Kang’s experimental use of the core elements of photography: exposure to light, alchemical reactions and reflection as a replication of a reality, become a technical ground for her work to comment on her own personal and cultural history, interests in genetics, feminist theory and future fictions. Paired with natural and synthetic sculptural objects, such as silicone and rubber vessels embedded and punctuated with material markers, Kang’s installations create a spatial constellation in flux, intended to evolve over time.

The curvilinear and organic flexible wall track forms forged by Kang become a permeable structure for light to respond to the exposed images. Applied as metaphor and a malleable and responsive surface, the images change over time and in response to their environment, much as a skin stretching and accommodating an endoskeletal sculptural framework. Kang states, “My work exists in literal and metaphoric states of becoming and unfixity, and this deconstructive strategy aims to continually build, break down and rebuild.”

Curated by Kristy Trinier
Laurie Kang is an artist currently based in Toronto.

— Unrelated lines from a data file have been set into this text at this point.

(* Let $d\geq 3$ and let $(M,g)$ be the Kasner spacetime $M=(0,\infty)\times\mathbb{R}^d$, $g=-dt^2+\sum_{i=1}^d t^{2p_i}\,dx_i^2$, with $\sum_i p_i=1$, $\sum_i p_i^2=1$ and at least one $p_i<0$, time-oriented by $\partial_t$. Let $\tau:[a,b)\to M$ be a future (respectively past) directed timelike geodesic that is future (respectively past) inextendible. Then $(t\circ\tau)(s)\to\infty$ (respectively $(t\circ\tau)(s)\to 0$) as $s\to b$.
   Context: $t:M\to(0,\infty)$ is the first coordinate. A curve $\tau:[a,b)\to M$ is future (past) inextendible if it does not extend continuously to $b$ (in the respective time direction). *)

From Stdlib Require Import Reals.
From Coquelicot Require Import Coquelicot.
Open Scope R_scope.

(* sum over the spatial indices i = 0, ..., d-1 *)
Definition sumd (d : nat) (f : nat -> R) : R :=
  match d with O => 0 | S n => sum_f_R0 f n end.

Definition kasner_exponents (d : nat) (p : nat -> R) : Prop :=
  sumd d p = 1 /\ sumd d (fun i => p i ^ 2) = 1 /\
  exists i, (i < d)%nat /\ p i < 0.

Definition gcoef (p : nat -> R) (i : nat) (t : R) : R := Rpower t (2 * p i).

(* A curve in M = (0,oo) x R^d is given by its coordinates
   tt : R -> R (time coordinate) and xx i : R -> R (i < d).
   It is defined on [a, b), where b may be +oo. *)
Definition in_dom (a : R) (b : Rbar) (s : R) : Prop := a <= s /\ Rbar_lt s b.

Definition to_end (b : Rbar) : (R -> Prop) -> Prop :=
  match b with
  | Finite r => at_left r
  | p_infty => Rbar_locally p_infty
  | m_infty => Rbar_locally m_infty
  end.

Definition in_M (a : R) (b : Rbar) (tt : R -> R) : Prop :=
  forall s, in_dom a b s -> 0 < tt s.

(* Geodesic equations of g = -dt^2 + sum t^(2p_i) dx_i^2:
     t'' + sum_i p_i t^(2p_i - 1) (x_i')^2 = 0
     x_i'' + (2 p_i / t) t' x_i' = 0
   (Christoffel symbols Gamma^t_ii = p_i t^(2p_i-1), Gamma^i_ti = p_i / t),
   required on the interior (a,b) of the parameter interval, with the
   coordinates twice differentiable there. *)
Definition kasner_geodesic (d : nat) (p : nat -> R) (a : R) (b : Rbar)
    (tt : R -> R) (xx : nat -> R -> R) : Prop :=
  in_M a b tt /\
  forall s, a < s -> Rbar_lt s b ->
    ex_derive tt s /\ ex_derive (Derive tt) s /\
    (forall i, (i < d)%nat -> ex_derive (xx i) s /\ ex_derive (Derive (xx i)) s) /\
    Derive (Derive tt) s
      + sumd d (fun i => p i * Rpower (tt s) (2 * p i - 1) * (Derive (xx i) s) ^ 2) = 0 /\
    (forall i, (i < d)%nat ->
       Derive (Derive (xx i)) s + 2 * p i / tt s * Derive tt s * Derive (xx i) s = 0).

Definition timelike (d : nat) (p : nat -> R) (a : R) (b : Rbar)
    (tt : R -> R) (xx : nat -> R -> R) : Prop :=
  forall s, a < s -> Rbar_lt s b ->
    - (Derive tt s) ^ 2 + sumd d (fun i => gcoef p i (tt s) * (Derive (xx i) s) ^ 2) < 0.

(* time orientation by d/dt: a timelike tangent is future directed iff
   g(tau', d/dt) = - t' < 0, i.e. t' > 0 *)
Definition future_directed (a : R) (b : Rbar) (tt : R -> R) : Prop :=
  forall s, a < s -> Rbar_lt s b -> 0 < Derive tt s.
Definition past_directed (a : R) (b : Rbar) (tt : R -> R) : Prop :=
  forall s, a < s -> Rbar_lt s b -> Derive tt s < 0.

Definition extends_at_end (d : nat) (b : Rbar) (tt : R -> R) (xx : nat -> R -> R) : Prop :=
  exists (t0 : R) (x0 : nat -> R), 0 < t0 /\
    filterlim tt (to_end b) (locally t0) /\
    forall i, (i < d)%nat -> filterlim (xx i) (to_end b) (locally (x0 i)).

Definition inextendible (d : nat) (b : Rbar) (tt : R -> R) (xx : nat -> R -> R) : Prop :=
  ~ extends_at_end d b tt xx.

From Stdlib Require Import Reals Lra Lia Classical.
From Coquelicot Require Import Coquelicot.
Open Scope R_scope.

(* The metric does not depend on the x_i, so the momenta t^(2 p_i) x_i' are
   conserved, and so is the energy g(tau', tau') = -m^2 < 0.  Hence
   t'^2 = m^2 + sum_i t^(2 p_i) x_i'^2 >= m^2, and t moves monotonically at
   speed at least m.  If the parameter interval is infinite this forces
   t -> oo to the future and is impossible to the past (t > 0).  If it is
   finite and t stays in a compact [lo, hi] of (0, oo) near the end, the
   conservation laws bound all velocities, so the geodesic has a limit in M,
   contradicting inextendibility. *)

Lemma MVT_segment (f : R -> R) (u v : R) :
  u <= v -> (forall x, u <= x <= v -> ex_derive f x) ->
  exists c, u <= c <= v /\ f v - f u = Derive f c * (v - u).
Proof.
  intros Huv Hd.
  destruct (MVT_gen f u v (Derive f)) as [c [Hc Heq]];
    rewrite ?Rmin_left, ?Rmax_right in *; try lra.
  - intros x Hx. apply Derive_correct, Hd. lra.
  - intros x Hx. apply continuity_pt_filterlim.
    apply (ex_derive_continuous (K := R_AbsRing) (V := R_NormedModule)), Hd. lra.
  - exists c. split; [lra | exact Heq].
Qed.

Section DerivativeBounds.

Variables (a : R) (b : Rbar) (f : R -> R).
Hypothesis f_derivable : forall s, a < s -> Rbar_lt s b -> ex_derive f s.

Lemma MVT_interval (u v : R) : a < u -> u <= v -> Rbar_lt v b ->
  exists c, a < c /\ Rbar_lt c b /\ f v - f u = Derive f c * (v - u).
Proof.
  intros Hu Huv Hv.
  assert (Hin : forall x, u <= x <= v -> a < x /\ Rbar_lt x b).
  { intros x Hx. split; [lra|]. destruct b; simpl in *; lra || exact I. }
  destruct (MVT_segment f u v Huv) as [c [Hc Heq]].
  - intros x Hx. apply f_derivable; apply Hin; exact Hx.
  - exists c. destruct (Hin c Hc). auto.
Qed.

Lemma Derive_ge_increment (mu : R) :
  (forall s, a < s -> Rbar_lt s b -> mu <= Derive f s) ->
  forall u v, a < u -> u <= v -> Rbar_lt v b -> mu * (v - u) <= f v - f u.
Proof.
  intros Hmu u v Hu Huv Hv.
  destruct (MVT_interval u v Hu Huv Hv) as [c [Hc1 [Hc2 ->]]].
  apply Rmult_le_compat_r; [lra | auto].
Qed.

Lemma Derive_le_increment (mu : R) :
  (forall s, a < s -> Rbar_lt s b -> Derive f s <= mu) ->
  forall u v, a < u -> u <= v -> Rbar_lt v b -> f v - f u <= mu * (v - u).
Proof.
  intros Hmu u v Hu Huv Hv.
  destruct (MVT_interval u v Hu Huv Hv) as [c [Hc1 [Hc2 ->]]].
  apply Rmult_le_compat_r; [lra | auto].
Qed.

End DerivativeBounds.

Her work has been exhibited at Interstate Projects and Topless, New York; The Power Plant Contemporary Art Gallery, Cooper Cole, 8-11, The Loon, Gallery TPW, Franz Kaka, and Carl Louie, Toronto; Remai Modern, Saskatoon; Galerie Antoine Ertaskiran and L’inconnue, Montreal; Raster Gallery, Warsaw; Wroclaw Contemporary Museum, Poland; and Camera Austria, Graz. She has been artist-in-residence at Rupert, Vilnius; Tag Team, Bergen; The Banff Centre for Arts & Creativity, Alberta; and Interstate Projects, Brooklyn. She holds an MFA from the Milton Avery School of the Arts at Bard College.